A total of 241 cerebral meningioma cases were identified. Most (97.0%) of the matched skin tumor controls were diagnosed with melanoma with a majority having a diagnosis of low cumulative sun damage melanoma (histology code 8743/3, 33.7%), malignant melanoma not otherwise specified (8720/3, 32.7%), or melanoma in situ (8720/2, 21.0%) (Table 1). A majority (89.3%) of non-meningioma brain tumor controls were diagnosed with gliomas; specifically, most were diagnosed with glioblastoma not otherwise specified (histology code 9440/3, 41.1%), astrocytoma (9400/3 and 9401/3, 23.5%), or malignant glioma (9380/3, 6.0%).
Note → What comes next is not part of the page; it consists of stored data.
(* Let $G=G(m,p,n)$ where $m$ is odd or twice an odd integer, and let $P=P_{(0,\lambda)}$ be the standard parabolic subgroup for a partition $\lambda$ of $n$. Then there is a set $J$ of vectors, each a root of a reflection in $P$, such that $N_G(P)=P\rtimes G_J$, where $G_J$ is the setwise stabiliser of $J$ in $G$.
   Context: Let $m,p,n$ be positive integers with $p\mid m$, let $V=\mathbb{C}^n$ with the standard positive definite Hermitian form and orthonormal basis $e_1,\dots,e_n$, and let $\boldsymbol\mu_m$ be the group of complex $m$th roots of unity. $G(m,p,n)$ is the group of linear maps of $V$ of the form $e_i\mapsto\theta_ie_{\sigma(i)}$ with $\sigma\in\mathrm{Sym}(n)$, $\theta_i\in\boldsymbol\mu_m$ and $(\theta_1\cdots\theta_n)^{m/p}=1$. For a partition $\lambda=(n_1\ge\dots\ge n_d)$ of $n$ put $k_0=0$, $k_i=n_1+\cdots+n_i$ and $\Lambda_i=\{e_j:k_{i-1}<j\le k_i\}$; the standard parabolic subgroup $P_{(0,\lambda)}=\prod_{i=1}^d\mathrm{Sym}(n_i)$, where $\mathrm{Sym}(n_i)$ permutes the vectors of $\Lambda_i$ and fixes the other basis vectors. A root of a reflection $r$ is a non-zero vector orthogonal to the fixed hyperplane of $r$. *)

(* Elements of G(m,p,n) are represented as n x n matrices over
   algC (algebraic complex numbers) acting on column vectors 'cV_n; the basis
   vector e_(i+1) of the paper is the i-th standard column vector (0-based). *)
From HB Require Import structures.
From mathcomp Require Import all_boot all_order all_algebra all_fingroup all_field.
Unset Printing Implicit Defensive.
Unset Implicit Arguments.
Import Order.TTheory GRing.Theory Num.Theory.
Local Open Scope ring_scope.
Lastly, a majority (93.8%) of breast tumor controls were diagnosed with ductal or lobular neoplasms, specifically infiltrating duct carcinoma (histology code 8500/3, 61.2%), non-infiltrating intraductal carcinoma (8500/2, 9.9%), lobular carcinoma (8520/3, 6.6%), or infiltrating duct and lobular carcinoma (8522/3, 5.9%).
The mean age of the cases was 59.6 years; further, cases were slightly over half (58.6%) of white race, mostly (73.6%) lived in a metropolitan area, had commercial insurance (71.4%), and on average had two comorbidities (Elixhauser comorbidity mean score 2.3) (Table 2). Compared to brain tumor controls, cases were older, more likely to be of non-white race, and have Medicare or Medicaid insurance coverage, but cases had a lower Elixhauser comorbidity score (Table 2). When compared to breast tumor controls, cases were more likely to live in a micropolitan area, more likely to be uninsured, and had a higher Elixhauser comorbidity score (mean 2.3 vs. 1.4). Finally, compared to skin tumor controls, cases were far less likely to be white (58.6% vs. 95.3%, 95% CI 93.5–97.0%), less likely to have commercial insurance, and had a higher Elixhauser comorbidity score on average (2.3 vs. 1.2).
Across the bootstrap cycles, 1.1% (95% CI 0.6–1.7%) of controls on average were exposed to dMPA at any point prior to their tumor diagnosis, and 5.4% (95% CI (4.2–6.8%)) were exposed to levonorgestrel combinations or norethindrone. In crude models, any exposure to dMPA was associated with 2.75-fold increased odds of being diagnosed with cerebral meningioma relative to the non-active comparator group (OR 2.75, 95% CI 1.69–5.56) and a two-fold increase when compared to an active comparator (OR 2.08, 95% CI 1.17–4.26). These associations, however, became non-significant in fully adjusted models (active comparator: OR 1.16, 95% CI 0.54–2.95; non-active comparator: OR 1.91, 95% CI 0.99–4.50) (Table 3). Exposure to dMPA within one year of the case date was associated with, in fully adjusted models, an over three-fold increased association being a case (OR 3.27, 95% CI 1.19–9.89) compared to an active comparator and 6.7-fold increased odds of being a case compared to a non-active comparator (OR 6.71, 95% CI 2.69–18.09). For exposure within two years, only the association for dMPA exposure compared to a non-active comparator was significantly increased (OR 3.73, 95% CI 1.75–9.82).
In the leave-one-out sensitivity analysis, associations for the active and non-active comparators were similar across the controls left out (Figure 2). For exposure within one year, associations were stronger for both comparator groups when excluding brain tumor controls. A similar pattern was observed for exposure within two years. For all comparisons, associations within the same exposure period and comparator group were similar across the leave-one-out models.

4. Discussion

4.1. Principal Findings

In this single-center study investigating the association between dMPA exposure and cerebral meningioma diagnosis, no significant association was observed for any prior dMPA exposure. However, there was a significant association for dMPA exposure compared to a non-active comparator within two years prior to tumor diagnosis. Additionally, exposure within one year was significant when compared to an active and non-active comparator of levonorgestrel or norethindrone. Across tumor control types, the associations were the strongest when brain tumor controls were excluded, and associations were similar in comparisons of cases with the exclusion of either breast tumor or skin tumor controls.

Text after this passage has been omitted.